There are three basic ways to tax people:

1\. On Income

This is the way that most tax revenue comes in to the US. It says, "When you
make $100, the government takes, say, $20 of it. And then the remaining $80 is
entirely yours."

2\. On Wealth.

This is how, say, property taxes work. "When you make $100, the government
takes, say, $10 of it this year. Next year, if you still have the $90, the
government takes another $8 of that. The year after that, if you still have
the remaining $82, the government takes another $7 of it. The year after that,
if you still have the remaining $75, the government takes $6 of it..."

3\. Consumption taxes.

This is how sales taxes and VAT taxes work. "If you get $100, it's all yours.
But if you SPEND say $50 of it, the government takes $10 of that."

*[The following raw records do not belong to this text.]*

Lemma mul_pseq (f : {poly R}) k N : (k + size f <= N)%N ->
  f * p k = \sum_(t < N) polyJ f k t *: p t.
Proof.
move=> kN; rewrite -{1}[f]coefK poly_def mulr_suml.
rewrite (eq_bigr (fun m : 'I_(size f) =>
  \sum_(t < N) (f`_m * Jpow m k t) *: p t)) => [|m _]; last first.
  rewrite -scalerAl mulXn_pseq (sumr_widen (F := fun t => Jpow m k t *: p t) (N := N));
    last 2 first.
  - by have := ltn_ord m; lia.
  - by move=> t kt; rewrite Jpow_eq0 ?scale0r //; lia.
  by rewrite scaler_sumr; apply: eq_bigr => t _; rewrite scalerA.
by rewrite exchange_big; apply: eq_bigr => t _; rewrite -scaler_suml.
Qed.

Lemma polyJ_bounded (f : {poly R}) :
  exists B, forall k t, (k <= t)%N -> `|polyJ f k t| <= B.
Proof.
have /choice[B hB] := fun m => Jpow_bounded m 0.
exists (\sum_(m < size f) `|f`_m| * B m) => k t kt.
rewrite (le_trans (ler_norm_sum _ _ _)) // ler_sum // => m _.
by rewrite normrM ler_wpM2l // hB // addn0.
Qed.

Lemma qint_mul_pseq (f : {poly R}) k j : qint j (f * p k) = polyJ f k j.
Proof.
rewrite (@mul_pseq f k (k + size f + j.+1)) ?leq_addr // linear_sum.
under eq_bigr do rewrite linearZ /= qint_pseq.
by rewrite sum_mul_delta addnS ltnS leq_addl.
Qed.

(** * The Christoffel--Darboux error *)

Local Notation K := (CDkernel P A w i).

Lemma Rintegral_CDkernel_mul (f : {poly R}) n x :
  \int[mu]_y (K n x y * K n y x * f.[y]) =
  \sum_(j < n) \sum_(k < n) (p j).[x] * q k x * polyJ f k j.
Proof.
have kernelE y : K n x y * K n y x * f.[y] = \sum_(j < n) \sum_(k < n)
    (p j).[x] * q k x * ((f * p k).[y] * q j y).
  rewrite /CDkernel -mulrA mulr_suml; apply: eq_bigr => j _ /=.
  rewrite mulr_suml mulr_sumr; apply: eq_bigr => k _ /=.
  by rewrite hornerM; ring.
have term_integrable (jk : 'I_n * 'I_n) : mu.-integrable setT (EFin \o fun y : RB =>
    (p jk.1).[x] * q jk.2 x * ((f * p jk.2).[y] * q jk.1 y)).
  exact: (eq_integrable _ _ _ _
    (integrableZl measurableT _ (integrable_mul_qseq _ _))).
under eq_Rintegral do rewrite kernelE pair_bigA.
rewrite Rintegral_sum // pair_bigA; apply: eq_bigr => -[j k] _ /=.
by rewrite RintegralZl ?Rintegral_mul_qseq ?qint_mul_pseq //; exact: integrable_mul_qseq.
Qed.

Lemma Gop_subE (f : {poly R}) n x : K n x x != 0 ->
  Gop mu P A w i n f x - f.[x] = - \sum_(k < n) \sum_(t < size f)
    polyJ f k (n + t) * (q k x * (p (n + t)).[x] / K n x x).
Proof.
move=> K_neq0; pose I := \int[mu]_y (K n x y * K n y x * f.[y]).
have expand N k : (k + size f <= N)%N ->
    f.[x] * ((p k).[x] * q k x) = q k x * \sum_(t < N) polyJ f k t * (p t).[x].
  move=> kN; rewrite (mulrC (p k).[x]) mulrCA -hornerM (mul_pseq kN) horner_sum.
  by congr (_ * _); apply: eq_bigr => t _; rewrite hornerZ.
have IE : I = \sum_(k < n) q k x * \sum_(t < n) polyJ f k t * (p t).[x].
  rewrite /I Rintegral_CDkernel_mul exchange_big; apply: eq_bigr => k _ /=.
  by rewrite mulr_sumr; apply: eq_bigr => t _; ring.
have diffE : f.[x] * K n x x - I = \sum_(k < n) \sum_(t < size f)
    polyJ f k (n + t) * (q k x * (p (n + t)).[x]).
  rewrite IE /CDkernel mulr_sumr -sumrB; apply: eq_bigr => k _.
  rewrite (expand (n + size f)); last by rewrite leq_add2r ltnW.
  rewrite big_split_ord /= mulrDr addrAC subrr add0r.
  by rewrite mulr_sumr; apply: eq_bigr => t _; rewrite mulrCA.
transitivity (- ((f.[x] * K n x x - I) / K n x x)); first by rewrite /Gop -/I; field.
rewrite diffE mulr_suml; congr -%R; apply: eq_bigr => k _.
by rewrite mulr_suml; apply: eq_bigr => t _; rewrite -mulrA.
Qed.

Definition CDedge N n x := \big[Num.max/0]_(n - N <= l < n)
  \big[Num.max/0]_(n <= l' < n + N.+1) (`|q l x * (p l').[x]| / K n x x).

Lemma CDedge_ge0 N n x : 0 <= CDedge N n x.
Proof. exact: bigmax_ge_id. Qed.

Lemma le_CDedge N n x l l' : (n - N <= l < n)%N -> (n <= l' < n + N.+1)%N ->
  `|q l x * (p l').[x]| / K n x x <= CDedge N n x.
Proof.
move=> hl hl'; rewrite /CDedge.
apply: le_trans (le_bigmax_seq 0 l xpredT _ _ _) => //; last by rewrite mem_index_iota.
by apply: (le_bigmax_seq 0 l' xpredT) => //; rewrite mem_index_iota.
Qed.

Lemma Gop_dist_le (f : {poly R}) N n x B : (size f <= N)%N -> 0 < K n x x ->
  (forall k t, (k <= t)%N -> `|polyJ f k t| <= B) ->
  `|Gop mu P A w i n f x - f.[x]| <= (size f)%:R ^+ 2 * B * CDedge N n x.
Proof.
move=> fN K_gt0 hB; have B_ge0 : 0 <= B := le_trans (normr_ge0 _) (hB 0 0 isT).
rewrite Gop_subE ?gt_eqF // normrN expr2 -!mulrA.
pose T k t := polyJ f k (n + t) * (q k x * (p (n + t)).[x] / K n x x).
apply: le_trans (ler_norm_sum_support (F := fun k => \sum_(t < size f) T k t)
  (a := n - size f) (B := (size f)%:R * (B * CDedge N n x)) _ _) _.
- move=> k kn; rewrite big1 // => t _.
  by rewrite /T polyJ_eq0 ?mul0r //; lia.
- move=> k /andP[nk kn].
  apply: le_trans (ler_norm_sum_support (F := T k) (a := 0) (B := B * CDedge N n x) _ _) _
    => // [t /andP[_ tf]|].
    rewrite /T normrM ler_pM // ?hB //; first lia.
    rewrite normrM normfV (gtr0_norm K_gt0) le_CDedge //; lia.
  by rewrite subn0.
by rewrite ler_wpM2r ?mulr_ge0 ?CDedge_ge0 // ler_nat; lia.
Qed.

End multiple_orthogonal_polynomials.

Theorem theorem5 (R : realType) (r : nat) (hr : (1 <= r)%N)
  (mu : {measure set (measurableTypeR R) -> \bar R})
  (muj : 'I_r -> {measure set (measurableTypeR R) -> \bar R})
  (w : 'I_r -> R -> R)
  (hw_meas : forall j : 'I_r,
     measurable_fun setT (w j : measurableTypeR R -> R))
  (hw_ge0 : forall (j : 'I_r) (y : R), 0 <= w j y)
  (hdens : forall (j : 'I_r) (E : set (measurableTypeR R)), measurable E ->
     muj j E = (\int[mu]_(y in E) (w j y)%:E)%E)
  (hmom : forall (j : 'I_r) (k : nat),
     (muj j).-integrable setT (fun y : measurableTypeR R => ((y : R) ^+ k)%:E))
  (hperf : perfect muj)
  (P : ('I_r -> nat) -> {poly R}) (hP : forall n, typeII muj n (P n))
  (A : ('I_r -> nat) -> 'I_r -> {poly R}) (hA : forall n, typeI muj n (A n))
  (i : nat -> 'I_r)
  (J : nat -> nat -> R)
  (hJ0 : forall l k : nat, (l.+1 < k)%N -> J l k = 0)
  (hJ : forall l : nat,
     'X * pseq P i l = \sum_(k < l.+2) J l k *: pseq P i k)
  (x : R) (hx : in_msupp mu x)
  (ha : forall Rb : nat, exists B : R, forall a b : nat,
     (a <= b + Rb)%N -> (b <= a + Rb)%N -> `|J a b| <= B)
  (hb : \forall n \near \oo, 0 < CDkernel P A w i n x x)
  (hc : forall N : nat, (1 <= N)%N ->
     (fun n : nat =>
        \big[Num.max/0]_(n - N <= l < n)
          \big[Num.max/0]_(n <= l' < n + N.+1)
            (`|qseq A w i l x * (pseq P i l').[x]| / CDkernel P A w i n x x))
       @ \oo --> 0) :
  forall f : {poly R}, (fun n : nat => Gop mu P A w i n f x) @ \oo --> f.[x].
Proof.
move=> f; have [B hB] := polyJ_bounded hJ0 ha f.
pose C := (size f)%:R ^+ 2 * B.
apply: (cvgr_dist_le_cvg0 (e := fun n => C * CDedge w P A i (size f).+1 n x)).
  apply: filterS hb => n K_gt0.
  exact: (Gop_dist_le hw_meas hw_ge0 hdens hmom hP hA hJ0 hJ (leqnSn _) K_gt0 hB).
by rewrite -(mulr0 C); apply: cvgM; [exact: cvg_cst | exact: hc].
Qed.
Lemma far_endpoint_inj r f1 f2 z : f1 \in edges g -> f2 \in edges g ->
  z \in f1 -> ~~ connect (del_edge g f1) r z ->
  z \in f2 -> ~~ connect (del_edge g f2) r z -> f1 = f2.
Proof.
move=> f1e f2e zf1 nz1 zf2 nz2; apply/eqP; apply: contraTT nz2 => f12; rewrite negbK.
have [a1 ga1 ef1] := edge_at f1e zf1; have [a2 ga2 ef2] := edge_at f2e zf2.
have near_a1 : connect (del_edge g f1) r a1.
  rewrite ef1 in nz1 *; case/orP: (del_edge_cover r ga1) => [zr | a1r].
    by rewrite connect_del_edge_sym zr in nz1.
  by rewrite connect_del_edge_sym.
have step a f : g a z -> [set z; a] != f -> del_edge g f a z.
  by move=> gaz azf; rewrite /del_edge gaz setUC.
apply: connect_trans (connect_del_edge_avoid _ near_a1) (connect1 (step _ _ _ _)).
- apply/forall_inP => w; rewrite ef2 !inE => /orP [] /eqP -> //.
  apply: contra nz1 => ra2; apply: connect_trans ra2 (connect1 (step _ _ _ _)).
    by rewrite sym_g.
  by rewrite -ef2 eq_sym.
- by rewrite sym_g.
- by rewrite -ef1.
Qed.

Lemma card_edges_tree : #|edges g| <= n.
Proof.
case: (pickP (@predT 'I_n)) => [r _ | no_vertex]; last first.
  suff -> : edges g = set0 by rewrite cards0.
  by apply/setP => f; rewrite in_set0; apply/edgesP => -[x _]; have := no_vertex x.
pose far (f : {set 'I_n}) := odflt r [pick z in f | ~~ connect (del_edge g f) r z].
have farP f : f \in edges g -> (far f \in f) && ~~ connect (del_edge g f) r (far f).
  move=> fe; rewrite /far; case: pickP => [z /andP [-> ->] // | none].
  by have [z zf /negPf nz] := far_endpoint_exists r fe; move: (none z); rewrite zf nz.
have far_inj : {in edges g &, injective far}.
  move=> f1 f2 f1e f2e eq12; have /andP [zf1 nz1] := farP _ f1e.
  have /andP [zf2 nz2] := farP _ f2e; rewrite -eq12 in zf2 nz2.
  exact: far_endpoint_inj f1e f2e zf1 nz1 zf2 nz2.
rewrite -(card_in_imset far_inj); apply: leq_trans (max_card _) _.
by rewrite card_ord.
Qed.

Section SteinerDistance.

Variable A : {set 'I_n} -> {set 'I_n}.
Hypothesis A_side :
  forall f, f \in edges g -> exists2 x, x \in f & A f = comp_del g f x.

Definition cut_edges (U : {set 'I_n}) := [set f in edges g | separates U (A f)].

Lemma A_sideP f : f \in edges g ->
  exists x y, [/\ g x y, f = [set x; y] & A f = comp_del g f x].
Proof.
move=> fe; have [x xf eA] := A_side fe; have [y gxy ef] := edge_at fe xf.
by exists x, y.
Qed.

Lemma cut_edges_sub U W F : steiner_ok g U W F -> cut_edges U \subset F.
Proof.
case/and4P=> UW FE _ Wconn; apply/subsetP => f; rewrite inE => /andP [fe].
case/andP=> /set0Pn [u /setIP [uU uA]] /set0Pn [v /setDP [vU vA]].
have [x [y [gxy ef eA]]] := A_sideP fe; apply/negPn/negP => fF.
have uv : connect (del_edge g f) u v.
  have := forall_inP (forall_inP Wconn u (subsetP UW u uU)) v (subsetP UW v vU).
  apply: connect_sub => a b abF; apply: connect1.
  rewrite /del_edge edges_adj ?(subsetP FE _ abF) //=.
  by apply: contraNneq fF => <-.
by move: uA vA; rewrite eA !inE => xu /negP; apply; apply: connect_trans xu uv.
Qed.

Lemma steiner_ok_shrink U W (F : {set {set 'I_n}}) s t :
  g s t -> [set s; t] \in F -> steiner_ok g U W F -> U \subset comp_del g [set s; t] s ->
  exists W' F', steiner_ok g U W' F' && (#|F'| < #|F|).
Proof.
move=> gst stF /and4P [UW FE FW Wconn] UC; set C := comp_del g _ s in UC.
have tC : t \notin C by rewrite inE del_edge_disconnects.
set F' := [set h in F | h \subset C].
have sW : s \in W by apply: subsetP (forall_inP FW _ stF) _ (set21 s t).
have reach z : z \in W -> z \in C -> connect (fun a b => [set a; b] \in F') s z.
  move=> zW; have := forall_inP (forall_inP Wconn s sW) z zW; move: z {zW}.
  apply: connect_ind => [_|a b _ IHa abF bC]; first exact: connect0.
  have [eab|neab] := eqVneq [set a; b] [set s; t].
    have : b \in [set s; t] by rewrite -eab set22.
    by rewrite !inE => /orP [] /eqP bst; [rewrite bst connect0 | rewrite -bst bC in tC].
  have dba : del_edge g [set s; t] b a.
    by rewrite /del_edge sym_g edges_adj ?(subsetP FE _ abF) // setUC neab.
  have aC : a \in C.
    by move: bC; rewrite !inE => sb; apply: connect_trans sb (connect1 dba).
  apply: connect_trans (IHa aC) (connect1 _).
  rewrite inE (abF : [set a; b] \in F); apply/subsetP => w.
  by rewrite in_set2 => /orP [] /eqP ->.
exists (W :&: C), F'; apply/andP; split; first (apply/and4P; split).
- by rewrite subsetI UW UC.
- by apply: subset_trans FE; apply/subsetP => h; rewrite inE => /andP [].
- apply/forall_inP => h; rewrite inE => /andP [hF hC].
  by rewrite subsetI hC (forall_inP FW).
- apply/forall_inP => a /setIP [aW aC]; apply/forall_inP => b /setIP [bW bC].
  have symF' : symmetric (fun a b => [set a; b] \in F') by move=> ? ?; rewrite setUC.
  by rewrite (connect_trans _ (reach b bW bC)) // (sym_connect_sym symF') reach.
- apply: proper_card; apply/properP; split.
    by apply/subsetP => h; rewrite inE => /andP [].
  exists [set s; t] => //; rewrite inE stF /=; apply: contra tC => /subsetP; apply.
  exact: set22.
Qed.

The common argument in favor of income taxes is that wealth taxes just make
sure that people buy frivolous crap instead of saving, because saving is
penalized, and that consumption taxes tend to be regressive because the rich
just can't/don't spend all that much of their money (there's a limit to how
richly it is possible to live), while the poor must spend all of their money.
So the poor get taxed on a greater percentage of their income than the rich.

------
grecy
Big companies like Apple and Google are already avoiding tax and paying very
little. This will change nothing as long as they can get away with that.

------
Nelson69
How would you feel if banks paid interest that was proportional to their
profits? How would that alter things?